The last legal shipment of ivory from Africa to China and Japan was approved of in 2008, and sent in 2009. CITES decided that no further exports would occur until a Decision-Making-Mechanism (DMM) was designed and approved of. This was supposed to take 8-9 years. It still hasn’t been approved. To some extent this stymied the proposal of Tanzania at the Bangkok CITES meeting to get approval to put their stockpile on the market.
The quantity of ivory imported by China and Japan, has had to be rationed out over a decade. This has greatly hindered the supply-side effect of this on the black-market. If you’re only putting in 4-5 tons of legal ivory a year, you’re a minor and small player now. The illegal market is much larger. We have some 30-40 tons of raw ivory being seized annually now, and a lot more must be getting through.
So this comes back to can we reduce demand for ivory? This after all was what the 1989 CITES decision to list African elephants on Appendix I was supposed to do. It’s what ivory-destruction- going back to Kenya’s burn of 12 tons in 1989- was supposed to do. And in some markets- notably the US and Europe, demand for ivory has fallen.
Is it going to work in China? Demand for ivory has fallen in Japan. In Japan demand for ivory was driven by a name-seal or hanko. This was given to young people upon maturity and was used for signing documents and other financial instruments. Demand has fallen because with an aging population, there’s less of that demographic. It’s also fallen because of financial-innovations. With a lot more transactions occurring electronically, hankos have less demand.
In China the main demographic is getting larger and growing wealthier. There’s also a much broader range of products sold in China. The cultural element is also much more significant than the US or Europe. Ivory has been a highly valued product in China for centuries. If demand for ivory is going to fall in China, it’ll likely do so slowly and over a great many years.
Figure 1: Ivory Carving (about 1 m long)
I don’t see that the blanket ‘kill-demand’ approach is going to work here. So if we’re going to try demand reduction, then I think we need to be a bit more strategic. What I think we need as the first step, is shifting demand out of the illegal-market into the legal. The reasons are as follows.
- The legal market is dominated by a small number of producers with market-power. They already use that to reduce demand- by pushing prices higher. High prices are a good way to reduce demand, and these guys are doing it. So you’d end up with less ivory sold than now, at higher prices.

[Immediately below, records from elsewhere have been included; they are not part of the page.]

(* If a set $C\subseteq\mathbb{R}^n$ is smoothly approximately convex at $\bar x\in C$, then it is uniformly approximable by geodesics (UAG) at $\bar x$. If moreover $C$ is locally closed at $\bar x$, then $C$ is super-regular and Clarke regular at $\bar x$.
   Context: $C$ is smoothly approximately convex at $\bar x$ if for every $\epsilon>0$ there is a neighborhood $W$ of $\bar x$ such that for all $x,x'\in C\cap W$ there is a map $\gamma:[0,1]\to C$, extending to a $\mathcal{C}^{(1)}$ map on an open neighborhood of $[0,1]$, with $\gamma(0)=x,\gamma(1)=x'$ and $\|\gamma'(t)-(x'-x)\|\le\epsilon\|x'-x\|$ for all $t$. $C$ is UAG at $\bar x$ if for every $\epsilon>0$ there is a neighborhood $W$ of $\bar x$ such that for all distinct $x,x'\in C\cap W$ there exist $\gamma:[0,1]\to C$ and $d\in\mathbb{R}^n\setminus\{0\}$ with $\gamma(0)=x$, $\gamma(1)=x'$ and $\|\gamma(t)-(x+td)\|\le\epsilon t\|d\|$ for all $t\in[0,1]$. $C$ is locally closed at $\bar x$ if $C\cap\overline B$ is closed for some closed ball $\overline B$ centered at $\bar x$. Regular normal cone: $\widehat N_C(\bar x)=\{v:\langle v,x-\bar x\rangle\le o(\|x-\bar x\|),\ x\in C\}$; normal cone $N_C(\bar x)$: all limits of $v_k\in\widehat N_C(x_k)$ with $x_k\in C$, $x_k\to\bar x$. $C$ is Clarke regular at $\bar x$ if it is locally closed there and $N_C(\bar x)=\widehat N_C(\bar x)$. $C$ is super-regular at $\bar x$ if it is locally closed there and for every $\epsilon>0$ there is a neighborhood $W$ of $\bar x$ with $\langle v,x'-x\rangle\le\epsilon\|v\|\|x'-x\|$ for all $x,x'\in C\cap W$ and $v\in N_C(x)$. *)

From HB Require Import structures.
From mathcomp Require Import all_boot all_order all_algebra.
From mathcomp Require Import all_classical all_reals all_analysis.
Set Implicit Arguments. Unset Strict Implicit. Unset Printing Implicit Defensive.
Import Order.TTheory GRing.Theory Num.Theory.
Import numFieldNormedType.Exports.
Local Open Scope classical_set_scope.
Local Open Scope ring_scope.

- It doesn’t fight centuries of cultural tradition. Education campaigns have been ongoing in China since 1996. I think we have to recognise that this is not the USA. Ivory carvings are in some ways, like whale-bone carvings in NZ. There’s a cultural component that isn’t going to disappear because people from other cultures don’t approve.
- It saves face for the Chinese. State policy in China is to nurture an ivory-carving industry to preserve an artisanal tradition. This support the legal, kill the illegal, gives the Chinese a palatable compromise solution.
- It sustains a reason for enforcement. The political reality in China is the guys that manage the legal ivory trade, aren’t the guys that do the enforcement. There’s about three agencies involved (Police, Customs, SFA). Policing the illegal market depends on incentives. There’s not a lot of evidence that the police care a great deal about the sale of illegal ivory. The fate of Africa’s elephant populations isn’t something they find gripping. Enforcement happens because there are political reasons for doing so, and part of that political-aspect is the existence of the legal market. If there is no legal market to try to protect or perpetuate, it’s hard seeing who is left with a strong inventive to combat the illegal.